D’autres ont suivi ce chemin, comme la norme Fitwel, qui revendique aujourd’hui plus de 95 projets certifiés ou en cours, ou bien la française OsmoZ.
Dans cette logique du bien-être, il n’est pas rare que le feng shui soit intégré aux réflexions en matière d’aménagement intérieur. Et certains ne plaisantent pas avec le sujet : un blogueur chinois a récemment été condamné pour diffamation à 26 000 euros d’amende pour avoir affirmé que des immeubles de bureaux construits par Zaha Hadid à Pékin ne respectaient pas les règles du feng shui.
En revanche, cette discipline de la médecine chinoise n’est guère associée à l’aménagement de l’espace urbain, alors même que d’innombrables disciplines se penchent sur la ville, la pluridisciplinarité étant même reconnue comme l’une des clés d’un avenir urbain harmonieux. Mais on aurait tort de se cantonner à des expertises académiques, à dominante occidentale qui plus est. D’autres savoirs, d’autres pratiques peuvent mériter d’être mobilisés. Ainsi, donc, du feng shui, qui propose une lecture originale et, partant, une nouvelle écriture urbaine. Spécialiste de cette discipline qu’elle applique à l’espace, aux territoires, à l’architecture et à l’aménagement intérieur, Corinne Pelissier explique ce que le recours aux principes et aux outils du feng shui peut apporter à la ville.
Le feng shui peut donner l’impression d’être une discipline un peu à part : à quelle tradition le relier? Comment le définir précisément?
L’adage fameux dit qu’il vaut mieux prévenir que guérir. Dans la Chine ancienne, on faisait mieux encore : le médecin n’était pas payé s’il soignait son patient malade mais… si la personne conservait la santé ! Or, on l’ignore trop souvent, le feng shui est une branche de la médecine chinoise traditionnelle et s’inscrit donc, par nature, dans une logique de prévention.

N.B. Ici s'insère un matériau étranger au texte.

(* Let $r>0$ be real. For every integer $N\ge1$, $$g_r=\frac{m}{(m+1)^{r+1}}\left\{\sum_{k=0}^{N-1}(-1)^k\frac{\tilde\mu_k}{(m+1)^k}\binom{r+k}{r}+O\!\left(m^{-\lceil N/2\rceil}\right)\right\}\quad\text{as } m\to\infty.$$
   Context: For $m>0$, $g_r=\sum_{s=1}^\infty e^{-m}\frac{m^s}{s!}\,s^{-r}$ (the $r$-th inverse moment of the positive Poisson distribution times $1-e^{-m}$), and $\tilde\mu_k=\sum_{s=0}^\infty e^{-m}\frac{m^s}{s!}(s-m)^k$ is the $k$-th central moment of the Poisson distribution with mean $m$. For non-integer $r$, $\binom{r+k}{r}:=(r+1)(r+2)\cdots(r+k)/k!$ (and $=1$ for $k=0$). $\lceil x\rceil$ is the ceiling of $x$. *)

From Stdlib Require Import Reals.
From Coquelicot Require Import Coquelicot.
Open Scope R_scope.

Definition poisson_w (m : R) (s : nat) : R := exp (- m) * m ^ s / INR (Factorial.fact s).

(* g_r = sum_{s>=1} e^{-m} m^s/s! * s^{-r}  (index shifted: s = n+1) *)
Definition g (r m : R) : R :=
  Series (fun n : nat => poisson_w m (S n) * Rpower (INR (S n)) (- r)).

(* k-th central moment of Poisson(m): sum_{s>=0} e^{-m} m^s/s! (s-m)^k *)
Definition mu_tilde (m : R) (k : nat) : R :=
  Series (fun s : nat => poisson_w m s * (INR s - m) ^ k).

Fixpoint rising (r : R) (k : nat) : R :=
  match k with
  | O => 1
  | S k' => rising r k' * (r + INR (S k'))
  end.

(* generalized binomial coefficient binom(r+k, r) = (r+1)...(r+k)/k! *)
Definition gbinom (r : R) (k : nat) : R := rising r k / INR (Factorial.fact k).

Definition ceil_half (N : nat) : nat := Nat.div (N + 1) 2.

(* Since s p_s = m p_(s-1) for the Poisson weights p_s, g_r = m E[(S + 1)^-(r+1)] with
   S ~ Poisson(m); writing S + 1 = (m + 1)(1 + U) with U = (S - m)/(m + 1) gives
   g_r = m (m + 1)^-(r+1) E[(1 + U)^-(r+1)].  Expand (1 + u)^-(r+1) by Taylor's formula to
   order 2h - 1, h = ceil(N/2): the coefficients are (-1)^k binom(r+k, r), and
   E[U^k] = mu_k / (m + 1)^k.  For u >= -1/2 the Lagrange remainder is O(u^(2h)); on the
   rest of the range u >= -m/(m + 1), both (1 + u)^-(r+1) <= (m + 1)^(r+1) and the
   polynomial are bounded, and 4u^2 >= 1 there, so the remainder is O((m + 1)^(r+1) u^(2J)).
   The central moments satisfy mu_(k+2) = m sum_(i<=k) C(k+1, i) mu_i, hence
   mu_j = O(m^floor(j/2)) and E[U^j] = O(m^-ceil(j/2)); with J >= r + 1 + h every error
   term is O(m^-h).  For odd N the expansion of degree 2h - 1 = N has one more term than
   the claimed sum, and that term k = N is itself O(m^-h). *)

From Stdlib Require Import Reals Lra Lia.
From Coquelicot Require Import Coquelicot.
Open Scope R_scope.

(** * Taylor expansion of (1 + u)^-(r+1) *)

Lemma fact_INR_pos (k : nat) : 0 < INR (Factorial.fact k).
Proof. apply lt_0_INR, Factorial.lt_O_fact. Qed.

Lemma Rpower_pos (x e : R) : 0 < Rpower x e.
Proof. apply exp_pos. Qed.

Lemma Rpower_1_l (e : R) : Rpower 1 e = 1.
Proof. unfold Rpower. rewrite ln_1, Rmult_0_r. apply exp_0. Qed.

Lemma Rle_Rpower_l_nonpos (x y e : R) : 0 < x -> x <= y -> e <= 0 -> Rpower y e <= Rpower x e.
Proof.
  intros Hx Hxy He.
  replace e with (- - e) by ring. rewrite (Rpower_Ropp y (-e)), (Rpower_Ropp x (-e)).
  apply Rinv_le_contravar; [apply Rpower_pos|].
  apply Rle_Rpower_l; lra.
Qed.

Lemma Rpower_opp_le_of_inv_le (r q u : R) : -1 <= r -> 0 < q -> / q <= 1 + u ->
  Rpower (1 + u) (- (r + 1)) <= Rpower q (r + 1).
Proof.
  intros Hr Hq Hu.
  assert (Hq' : 0 < / q) by (apply Rinv_0_lt_compat, Hq).
  replace (Rpower q (r + 1)) with (Rpower (/ q) (- (r + 1))).
  - apply Rle_Rpower_l_nonpos; lra.
  - unfold Rpower. rewrite ln_Rinv by exact Hq. f_equal. ring.
Qed.

Lemma Rpower_succ_le_pow (m a : R) (A : nat) : 1 <= m -> 0 <= a <= INR A ->
  Rpower (m + 1) a <= (2 * m) ^ A.
Proof.
  intros Hm Ha.
  apply Rle_trans with (Rpower (m + 1) (INR A)); [apply Rle_Rpower; lra|].
  rewrite Rpower_pow by lra. apply pow_incr. lra.
Qed.

Definition taylor_coef (r : R) (k : nat) : R := (-1) ^ k * gbinom r k.

Lemma locally_affine_pos (s t : R) : 0 < 1 + s * t -> locally t (fun x => 0 < 1 + s * x).
Proof.
  intros H.
  assert (Hc : continuous (fun x : R => 1 + s * x) t).
  { apply (@ex_derive_continuous R_AbsRing R_NormedModule). auto_derive. auto. }
  exact (Hc _ (open_gt 0 _ H)).
Qed.

Lemma is_derive_Rpower_affine (b s t : R) : 0 < 1 + s * t ->
  is_derive (fun x => Rpower (1 + s * x) b) t (s * (b * Rpower (1 + s * t) (b - 1))).
Proof.
  intros H.
  apply (is_derive_comp (fun y => Rpower y b) (fun x => 1 + s * x)).
  - apply is_derive_Reals, derivable_pt_lim_power, H.
  - auto_derive; [auto | ring].
Qed.

Lemma Derive_n_Rpower_affine (r s : R) (k : nat) (t : R) : 0 < 1 + s * t ->
  ex_derive_n (fun x => Rpower (1 + s * x) (- (r + 1))) k t /\
  Derive_n (fun x => Rpower (1 + s * x) (- (r + 1))) k t =
    (-1) ^ k * rising r k * s ^ k * Rpower (1 + s * t) (- (r + 1) - INR k).
Proof.
  set (f := fun x => Rpower (1 + s * x) (- (r + 1))).
  revert t. induction k as [|k IH]; intros t Ht.
  - split; [exact I|]. simpl. rewrite Rminus_0_r. unfold f. ring.
  - set (ck := (-1) ^ k * rising r k * s ^ k).
    assert (Hloc : locally t (fun x => Derive_n f k x =
                                       ck * Rpower (1 + s * x) (- (r + 1) - INR k))).
    { apply (filter_imp (fun x => 0 < 1 + s * x)); [|now apply locally_affine_pos].
      intros x Hx. apply (IH x Hx). }
    assert (HD : is_derive (fun x => ck * Rpower (1 + s * x) (- (r + 1) - INR k)) t
                   (ck * (s * ((- (r + 1) - INR k) * Rpower (1 + s * t) (- (r + 1) - INR k - 1))))).
    { apply is_derive_scal, is_derive_Rpower_affine, Ht. }
    split.
    + eapply ex_derive_ext_loc.
      { exact (filter_imp _ _ (fun x H => eq_sym H) Hloc). }
      eexists; exact HD.
    + change (Derive_n f (S k) t) with (Derive (Derive_n f k) t).
      rewrite (Derive_ext_loc _ _ t Hloc).
      erewrite is_derive_unique; [|exact HD].
      unfold ck. cbn [rising pow]. rewrite S_INR.
      replace (- (r + 1) - INR k - 1) with (- (r + 1) - (INR k + 1)) by ring. ring.
Qed.

Definition taylor_rem_const (r : R) (n : nat) : R :=
  Rabs (taylor_coef r (S n)) * Rpower (/ 2) (- (r + 1) - INR (S n)).

Lemma taylor_rem_const_nonneg (r : R) (n : nat) : 0 <= taylor_rem_const r n.
Proof. apply Rmult_le_pos; [apply Rabs_pos | left; apply Rpower_pos]. Qed.

Lemma Derive_n_Rpower_affine_fact (r s t : R) (k : nat) : 0 < 1 + s * t ->
  Derive_n (fun x => Rpower (1 + s * x) (- (r + 1))) k t / INR (Factorial.fact k) =
    taylor_coef r k * s ^ k * Rpower (1 + s * t) (- (r + 1) - INR k).
Proof.
  intros Ht. rewrite (proj2 (Derive_n_Rpower_affine r s k t Ht)).
  unfold taylor_coef, gbinom. field. apply Rgt_not_eq, fact_INR_pos.
Qed.

Lemma Rpower_affine_taylor_remainder (r s y : R) (n : nat) :
  -1 <= r -> Rabs s = 1 -> 0 < y -> (forall t, 0 <= t <= y -> / 2 <= 1 + s * t) ->
  Rabs (Rpower (1 + s * y) (- (r + 1)) - sum_f_R0 (fun k => taylor_coef r k * (s * y) ^ k) n)
    <= taylor_rem_const r n * y ^ S n.
Proof.
  intros Hr Hs Hy Hd.
  set (f := fun x => Rpower (1 + s * x) (- (r + 1))).
  destruct (Taylor_Lagrange f n 0 y Hy) as [z [Hz Heq]].
  { intros t Ht k _. apply Derive_n_Rpower_affine. specialize (Hd t Ht). lra. }
  assert (Hz1 : / 2 <= 1 + s * z) by (apply Hd; lra).
  assert (Hpoly : sum_f_R0 (fun k => (y - 0) ^ k / INR (Factorial.fact k) * Derive_n f k 0) n =
                  sum_f_R0 (fun k => taylor_coef r k * (s * y) ^ k) n).
  { apply sum_eq. intros k _. unfold f, Rdiv.
    rewrite Rmult_assoc, (Rmult_comm (/ _)), <- Rdiv_def, Derive_n_Rpower_affine_fact by lra.
    rewrite Rmult_0_r, Rplus_0_r, Rpower_1_l, Rminus_0_r, Rpow_mult_distr. ring. }
  assert (Hrem : (y - 0) ^ S n / INR (Factorial.fact (S n)) * Derive_n f (S n) z =
                 taylor_coef r (S n) * s ^ S n * Rpower (1 + s * z) (- (r + 1) - INR (S n))
                   * y ^ S n).
  { unfold f, Rdiv. rewrite Rmult_assoc, (Rmult_comm (/ _)), <- Rdiv_def.
    rewrite Derive_n_Rpower_affine_fact, Rminus_0_r by lra. ring. }
  change (Rpower (1 + s * y) (- (r + 1))) with (f y). rewrite Heq, Hpoly, Hrem.
  replace (_ + _ - _) with (taylor_coef r (S n) * s ^ S n *
            Rpower (1 + s * z) (- (r + 1) - INR (S n)) * y ^ S n) by ring.
  rewrite !Rabs_mult, <- RPow_abs, Hs, pow1, Rmult_1_r.
  rewrite (Rabs_right (Rpower _ _)) by (left; apply Rpower_pos).
  rewrite (Rabs_right (y ^ S n)) by (left; apply pow_lt, Hy).
  apply Rmult_le_compat_r; [left; apply pow_lt, Hy|].
  apply Rmult_le_compat_l; [apply Rabs_pos|].
  apply Rle_Rpower_l_nonpos; [lra | exact Hz1 |]. pose proof (pos_INR (S n)). lra.
Qed.

Lemma Rpower_taylor_remainder (r u : R) (n : nat) : -1 <= r -> - / 2 <= u ->
  Rabs (Rpower (1 + u) (- (r + 1)) - sum_f_R0 (fun k => taylor_coef r k * u ^ k) n)
    <= taylor_rem_const r n * Rabs u ^ S n.
Proof.
  intros Hr Hu.
  destruct (Rtotal_order u 0) as [Hneg | [-> | Hpos]].
  - pose proof (Rpower_affine_taylor_remainder r (-1) (- u) n Hr) as H.
    replace (-1 * - u) with u in H by ring.
    rewrite (Rabs_left u) by lra. apply H; [rewrite Rabs_left by lra; lra | lra |].
    intros t Ht. lra.
  - rewrite Rabs_R0, pow_i, Rmult_0_r by lia.
    rewrite Rplus_0_r, Rpower_1_l.
    replace (sum_f_R0 _ n) with 1; [rewrite Rminus_diag, Rabs_R0; lra|].
    induction n as [|n IH]; [unfold taylor_coef, gbinom; simpl; field|].
    rewrite tech5, <- IH, pow_i by lia. ring.
  - pose proof (Rpower_affine_taylor_remainder r 1 u n Hr) as H.
    rewrite Rmult_1_l in H. rewrite (Rabs_right u) by lra.
    apply H; [apply Rabs_R1 | lra |]. intros t Ht. lra.
Qed.

Definition taylor_coef_abs_sum (r : R) (n : nat) : R :=
  sum_f_R0 (fun k => Rabs (taylor_coef r k)) n.

Lemma taylor_coef_abs_sum_nonneg (r : R) (n : nat) : 0 <= taylor_coef_abs_sum r n.
Proof. apply cond_pos_sum. intros; apply Rabs_pos. Qed.

(* Away from [u >= -1/2] the remainder is merely bounded, and [4 u^2 >= 1] there. *)
Lemma Rpower_taylor_remainder_global (r q u : R) (n h J : nat) :
  -1 <= r -> S n = (2 * h)%nat -> 1 <= q -> / q <= 1 + u ->
  Rabs (Rpower (1 + u) (- (r + 1)) - sum_f_R0 (fun k => taylor_coef r k * u ^ k) n)
    <= taylor_rem_const r n * (u ^ 2) ^ h
       + (Rpower q (r + 1) + taylor_coef_abs_sum r n) * (4 * u ^ 2) ^ J.
Proof.
  intros Hr Hn Hq Hu.
  pose proof (taylor_rem_const_nonneg r n) as HK.
  pose proof (taylor_coef_abs_sum_nonneg r n) as HL.
  pose proof (Rpower_pos q (r + 1)) as Hpq.
  assert (Hh : 0 <= (u ^ 2) ^ h) by (apply pow_le; nra).
  assert (HJ : 0 <= (4 * u ^ 2) ^ J) by (apply pow_le; nra).
  destruct (Rle_dec (- / 2) u) as [Hge | Hlt].
  - eapply Rle_trans; [apply Rpower_taylor_remainder; assumption|].
    rewrite Hn, pow_mult, pow2_abs.
    assert (0 <= (Rpower q (r + 1) + taylor_coef_abs_sum r n) * (4 * u ^ 2) ^ J)
      by (apply Rmult_le_pos; lra).
    lra.
  - assert (Hq1 : / q <= 1) by (rewrite <- Rinv_1; apply Rinv_le_contravar; lra).
    assert (Hq0 : 0 < / q) by (apply Rinv_0_lt_compat; lra).
    assert (Hu1 : Rabs u <= 1) by (apply Rabs_le; split; lra).
    assert (HF : Rabs (Rpower (1 + u) (- (r + 1))) <= Rpower q (r + 1)).
    { rewrite Rabs_right by (left; apply Rpower_pos).
      apply Rpower_opp_le_of_inv_le; lra. }
    assert (HT : Rabs (sum_f_R0 (fun k => taylor_coef r k * u ^ k) n)
                   <= taylor_coef_abs_sum r n).
    { eapply Rle_trans; [apply sum_f_R0_triangle|]. apply sum_Rle. intros k _.
      rewrite Rabs_mult, <- RPow_abs.
      assert (Rabs u ^ k <= 1)
        by (rewrite <- (pow1 k); apply pow_incr; split; [apply Rabs_pos | lra]).
      assert (0 <= Rabs u ^ k) by (apply pow_le, Rabs_pos).
      pose proof (Rabs_pos (taylor_coef r k)). nra. }
    assert (H4 : 1 <= (4 * u ^ 2) ^ J) by (apply pow_R1_Rle; nra).
    eapply Rle_trans; [apply Rabs_triang|]. rewrite Rabs_Ropp.
    assert (0 <= taylor_rem_const r n * (u ^ 2) ^ h) by (apply Rmult_le_pos; lra).
    assert ((Rpower q (r + 1) + taylor_coef_abs_sum r n) * 1
            <= (Rpower q (r + 1) + taylor_coef_abs_sum r n) * (4 * u ^ 2) ^ J)
      by (apply Rmult_le_compat_l; lra).
    lra.
Qed.

(** * Poisson expectations *)

Lemma ex_series_Rscal (c : R) (a : nat -> R) : ex_series a -> ex_series (fun n => c * a n).
Proof. exact (@ex_series_scal_l _ R_NormedModule c a). Qed.

Lemma ex_series_Rplus (a b : nat -> R) :
  ex_series a -> ex_series b -> ex_series (fun n => a n + b n).
Proof. exact (@ex_series_plus _ R_NormedModule a b). Qed.

Lemma ex_series_Rle (a b : nat -> R) :
  (forall n, Rabs (a n) <= b n) -> ex_series b -> ex_series a.
Proof. exact (@ex_series_le R_AbsRing R_CompleteNormedModule a b). Qed.

Definition poisson_mean (m : R) (f : nat -> R) : R := Series (fun s => poisson_w m s * f s).

Definition poisson_summable (m : R) (f : nat -> R) : Prop :=
  ex_series (fun s => poisson_w m s * f s).

Lemma poisson_w_S (m : R) (s : nat) : poisson_w m (S s) = m / INR (S s) * poisson_w m s.
Proof.
  unfold poisson_w. change (Factorial.fact (S s)) with (S s * Factorial.fact s)%nat.
  rewrite mult_INR. simpl pow. field.
  split; [apply Rgt_not_eq, fact_INR_pos | apply not_0_INR; lia].
Qed.

Lemma is_series_poisson_w (m : R) : is_series (poisson_w m) 1.
Proof.
  assert (H : is_series (fun s => / INR (Factorial.fact s) * m ^ s) (exp m))
    by (apply is_series_Reals; exact (proj2_sig (exist_exp m))).
  apply (is_series_scal_l (exp (- m))) in H.
  replace 1 with (exp (- m) * exp m) by (rewrite <- exp_plus, Rplus_opp_l; apply exp_0).
  eapply is_series_ext; [|exact H]. intros s. unfold poisson_w, scal; simpl; unfold mult; simpl.
  field. apply Rgt_not_eq, fact_INR_pos.
Qed.

Section Poisson.

Variable m : R.
Hypothesis Hm : 0 < m.

Lemma poisson_w_pos (s : nat) : 0 < poisson_w m s.
Proof.
  apply Rdiv_lt_0_compat; [|apply fact_INR_pos].
  apply Rmult_lt_0_compat; [apply exp_pos | apply pow_lt, Hm].
Qed.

Le feng shui est une discipline ancestrale, fondée il y a plus de 3 000 ans. Issue de l’observation de la nature et des lois qui régissent ses forces, elle permet de créer du lien entre l’homme ou la femme et son lieu de vie. Le feng shui se base sur l’enseignement taoïste, notamment sur l’idée que tout est en interaction et que la seule constante du vivant, c’est le changement. Dans un tout autre contexte, en partant d’un tout autre point de vue et à une tout autre époque, on retrouve un peu ce que disait Albert Einstein: «Tout est énergie, et c’est là tout ce qu’il y a à comprendre de la vie. Aligne- toi à la fréquence de la réalité que tu souhaites et cette réalité se manifestera. Il ne peut en être autrement.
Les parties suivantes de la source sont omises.